(Dataset entries)
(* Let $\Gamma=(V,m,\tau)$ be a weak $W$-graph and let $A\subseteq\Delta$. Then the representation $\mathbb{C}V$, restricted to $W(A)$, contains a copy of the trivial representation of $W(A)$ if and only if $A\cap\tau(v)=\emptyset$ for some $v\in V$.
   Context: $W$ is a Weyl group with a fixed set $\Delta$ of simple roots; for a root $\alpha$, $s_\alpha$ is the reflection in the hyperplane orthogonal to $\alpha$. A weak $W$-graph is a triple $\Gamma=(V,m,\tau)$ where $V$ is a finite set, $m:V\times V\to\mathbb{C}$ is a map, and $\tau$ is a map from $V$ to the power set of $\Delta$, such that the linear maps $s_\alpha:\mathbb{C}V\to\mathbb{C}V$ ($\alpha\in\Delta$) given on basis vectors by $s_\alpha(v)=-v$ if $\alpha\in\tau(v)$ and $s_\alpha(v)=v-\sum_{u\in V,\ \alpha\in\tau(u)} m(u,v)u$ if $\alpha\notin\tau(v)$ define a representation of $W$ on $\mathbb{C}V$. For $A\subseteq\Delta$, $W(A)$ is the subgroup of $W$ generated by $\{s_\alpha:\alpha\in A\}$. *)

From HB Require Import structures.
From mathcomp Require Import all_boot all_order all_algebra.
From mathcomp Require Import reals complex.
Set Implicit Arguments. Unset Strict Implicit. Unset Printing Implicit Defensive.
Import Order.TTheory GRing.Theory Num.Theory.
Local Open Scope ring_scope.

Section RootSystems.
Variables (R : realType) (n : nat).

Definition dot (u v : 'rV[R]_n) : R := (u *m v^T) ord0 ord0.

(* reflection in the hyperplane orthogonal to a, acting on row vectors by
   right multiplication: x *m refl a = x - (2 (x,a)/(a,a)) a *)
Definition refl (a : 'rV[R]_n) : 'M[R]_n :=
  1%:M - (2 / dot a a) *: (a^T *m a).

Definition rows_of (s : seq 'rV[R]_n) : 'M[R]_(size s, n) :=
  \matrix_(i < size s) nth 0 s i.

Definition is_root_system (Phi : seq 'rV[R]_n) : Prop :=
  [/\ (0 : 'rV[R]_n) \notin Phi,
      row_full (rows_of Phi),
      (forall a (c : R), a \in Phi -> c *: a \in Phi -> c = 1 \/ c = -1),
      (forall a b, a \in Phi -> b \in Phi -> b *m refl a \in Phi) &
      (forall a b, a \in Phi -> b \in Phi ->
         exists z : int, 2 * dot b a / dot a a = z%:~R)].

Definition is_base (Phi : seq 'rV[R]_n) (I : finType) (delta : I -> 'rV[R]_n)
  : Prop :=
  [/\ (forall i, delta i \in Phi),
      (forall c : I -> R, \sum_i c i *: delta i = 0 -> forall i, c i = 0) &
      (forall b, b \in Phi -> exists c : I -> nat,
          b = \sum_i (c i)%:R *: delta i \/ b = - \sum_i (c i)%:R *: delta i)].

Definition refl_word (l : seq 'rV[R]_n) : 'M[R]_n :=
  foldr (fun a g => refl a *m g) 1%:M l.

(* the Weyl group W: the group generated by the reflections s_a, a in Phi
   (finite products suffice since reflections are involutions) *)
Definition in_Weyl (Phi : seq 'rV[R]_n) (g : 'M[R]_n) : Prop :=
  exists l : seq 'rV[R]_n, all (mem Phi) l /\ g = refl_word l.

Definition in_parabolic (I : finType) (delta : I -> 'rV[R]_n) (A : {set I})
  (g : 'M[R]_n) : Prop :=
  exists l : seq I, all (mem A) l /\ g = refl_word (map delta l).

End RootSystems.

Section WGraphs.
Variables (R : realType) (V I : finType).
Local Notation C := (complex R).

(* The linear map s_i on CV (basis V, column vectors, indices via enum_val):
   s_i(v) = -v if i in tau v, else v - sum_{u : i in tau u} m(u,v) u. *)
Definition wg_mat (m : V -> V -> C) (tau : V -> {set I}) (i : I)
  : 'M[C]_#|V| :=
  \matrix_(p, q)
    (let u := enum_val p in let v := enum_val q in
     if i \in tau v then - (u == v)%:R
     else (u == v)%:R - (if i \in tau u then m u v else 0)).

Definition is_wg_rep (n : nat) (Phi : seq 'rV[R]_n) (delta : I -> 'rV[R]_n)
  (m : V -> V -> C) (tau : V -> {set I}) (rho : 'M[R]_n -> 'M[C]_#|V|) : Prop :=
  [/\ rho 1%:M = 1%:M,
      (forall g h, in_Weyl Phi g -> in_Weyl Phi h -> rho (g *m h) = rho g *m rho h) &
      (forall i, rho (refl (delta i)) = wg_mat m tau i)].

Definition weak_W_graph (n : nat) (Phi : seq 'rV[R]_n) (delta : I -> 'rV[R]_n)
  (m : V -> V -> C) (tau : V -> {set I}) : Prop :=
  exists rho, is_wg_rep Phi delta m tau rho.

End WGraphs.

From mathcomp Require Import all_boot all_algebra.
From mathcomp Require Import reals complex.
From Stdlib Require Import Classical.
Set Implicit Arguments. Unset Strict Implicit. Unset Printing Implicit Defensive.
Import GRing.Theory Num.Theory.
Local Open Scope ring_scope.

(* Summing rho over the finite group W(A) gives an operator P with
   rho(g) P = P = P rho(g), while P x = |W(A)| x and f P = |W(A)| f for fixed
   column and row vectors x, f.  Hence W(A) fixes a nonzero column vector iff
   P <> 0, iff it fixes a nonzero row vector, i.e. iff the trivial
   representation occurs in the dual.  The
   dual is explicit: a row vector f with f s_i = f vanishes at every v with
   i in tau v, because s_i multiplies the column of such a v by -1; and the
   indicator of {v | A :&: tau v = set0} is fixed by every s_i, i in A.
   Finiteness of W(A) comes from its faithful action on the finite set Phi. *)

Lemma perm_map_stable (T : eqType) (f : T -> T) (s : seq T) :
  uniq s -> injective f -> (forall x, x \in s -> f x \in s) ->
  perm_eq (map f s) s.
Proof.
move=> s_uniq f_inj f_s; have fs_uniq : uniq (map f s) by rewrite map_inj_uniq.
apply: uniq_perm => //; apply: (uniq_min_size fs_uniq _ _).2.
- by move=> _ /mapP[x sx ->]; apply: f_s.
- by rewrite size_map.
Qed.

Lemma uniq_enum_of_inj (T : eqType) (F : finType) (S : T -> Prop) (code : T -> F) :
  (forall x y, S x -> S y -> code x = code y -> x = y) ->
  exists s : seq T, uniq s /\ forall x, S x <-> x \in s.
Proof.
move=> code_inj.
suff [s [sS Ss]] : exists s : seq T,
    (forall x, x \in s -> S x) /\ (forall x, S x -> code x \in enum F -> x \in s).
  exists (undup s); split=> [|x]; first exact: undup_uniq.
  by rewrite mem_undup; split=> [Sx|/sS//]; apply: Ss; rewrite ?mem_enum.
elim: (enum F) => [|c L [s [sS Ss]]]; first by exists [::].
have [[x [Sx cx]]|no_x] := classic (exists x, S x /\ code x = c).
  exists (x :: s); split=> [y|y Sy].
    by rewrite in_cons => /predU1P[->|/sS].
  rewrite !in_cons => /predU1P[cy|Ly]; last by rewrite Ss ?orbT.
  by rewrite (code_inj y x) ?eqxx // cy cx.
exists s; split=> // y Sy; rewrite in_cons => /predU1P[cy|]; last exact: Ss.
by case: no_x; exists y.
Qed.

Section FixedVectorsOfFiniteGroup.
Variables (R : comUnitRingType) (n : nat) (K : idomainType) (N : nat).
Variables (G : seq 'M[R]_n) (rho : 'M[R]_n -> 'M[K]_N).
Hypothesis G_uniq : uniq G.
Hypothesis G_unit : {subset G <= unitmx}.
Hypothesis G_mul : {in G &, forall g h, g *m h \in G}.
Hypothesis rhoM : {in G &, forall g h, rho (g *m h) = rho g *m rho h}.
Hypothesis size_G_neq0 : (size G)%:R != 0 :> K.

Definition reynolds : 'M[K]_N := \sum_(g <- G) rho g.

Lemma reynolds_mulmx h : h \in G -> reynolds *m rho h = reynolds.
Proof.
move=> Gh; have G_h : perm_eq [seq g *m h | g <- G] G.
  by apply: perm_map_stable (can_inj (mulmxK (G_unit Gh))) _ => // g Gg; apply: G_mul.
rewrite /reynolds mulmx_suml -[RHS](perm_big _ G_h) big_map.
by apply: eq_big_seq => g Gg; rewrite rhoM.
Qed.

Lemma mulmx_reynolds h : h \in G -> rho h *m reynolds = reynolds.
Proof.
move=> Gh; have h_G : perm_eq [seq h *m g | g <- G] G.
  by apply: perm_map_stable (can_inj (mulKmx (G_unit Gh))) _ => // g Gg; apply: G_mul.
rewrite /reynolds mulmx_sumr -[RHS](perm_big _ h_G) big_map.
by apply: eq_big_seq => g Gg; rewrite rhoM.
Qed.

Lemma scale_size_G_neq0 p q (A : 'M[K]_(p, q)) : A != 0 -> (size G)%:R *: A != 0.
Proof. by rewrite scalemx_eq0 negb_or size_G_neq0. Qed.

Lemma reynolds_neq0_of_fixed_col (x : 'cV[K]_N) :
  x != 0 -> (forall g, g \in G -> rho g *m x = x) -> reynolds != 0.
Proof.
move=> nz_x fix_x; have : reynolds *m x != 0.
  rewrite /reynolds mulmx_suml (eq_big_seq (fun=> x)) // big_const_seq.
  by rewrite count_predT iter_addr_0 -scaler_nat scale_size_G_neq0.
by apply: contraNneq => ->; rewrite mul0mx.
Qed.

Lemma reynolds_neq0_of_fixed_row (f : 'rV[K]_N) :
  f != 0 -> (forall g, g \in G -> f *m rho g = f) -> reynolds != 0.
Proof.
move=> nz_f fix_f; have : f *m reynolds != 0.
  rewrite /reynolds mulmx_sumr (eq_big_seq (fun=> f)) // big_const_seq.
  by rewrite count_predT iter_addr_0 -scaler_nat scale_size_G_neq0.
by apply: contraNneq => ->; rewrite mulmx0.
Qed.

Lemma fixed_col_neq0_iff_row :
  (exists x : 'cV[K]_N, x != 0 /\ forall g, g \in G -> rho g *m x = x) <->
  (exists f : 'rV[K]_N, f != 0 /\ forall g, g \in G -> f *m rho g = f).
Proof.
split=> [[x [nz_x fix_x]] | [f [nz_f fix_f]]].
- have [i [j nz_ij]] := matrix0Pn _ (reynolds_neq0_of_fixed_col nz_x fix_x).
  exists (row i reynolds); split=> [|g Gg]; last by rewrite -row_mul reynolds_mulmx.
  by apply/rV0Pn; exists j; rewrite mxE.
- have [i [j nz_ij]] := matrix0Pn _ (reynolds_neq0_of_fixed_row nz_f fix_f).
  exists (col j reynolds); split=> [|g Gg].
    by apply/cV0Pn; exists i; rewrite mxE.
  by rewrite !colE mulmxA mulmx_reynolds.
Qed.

◆ **To do**:
Please transcribe exactly the lines above from the line that has "exists (x :: s); split=> [y|y Sy]." up to and including the line that has "by rewrite (code_inj y x) ?eqxx // cy cx."; no other line belongs in the answer.

◆ **Finished task**:
  exists (x :: s); split=> [y|y Sy].
    by rewrite in_cons => /predU1P[->|/sS].
  rewrite !in_cons => /predU1P[cy|Ly]; last by rewrite Ss ?orbT.
  by rewrite (code_inj y x) ?eqxx // cy cx.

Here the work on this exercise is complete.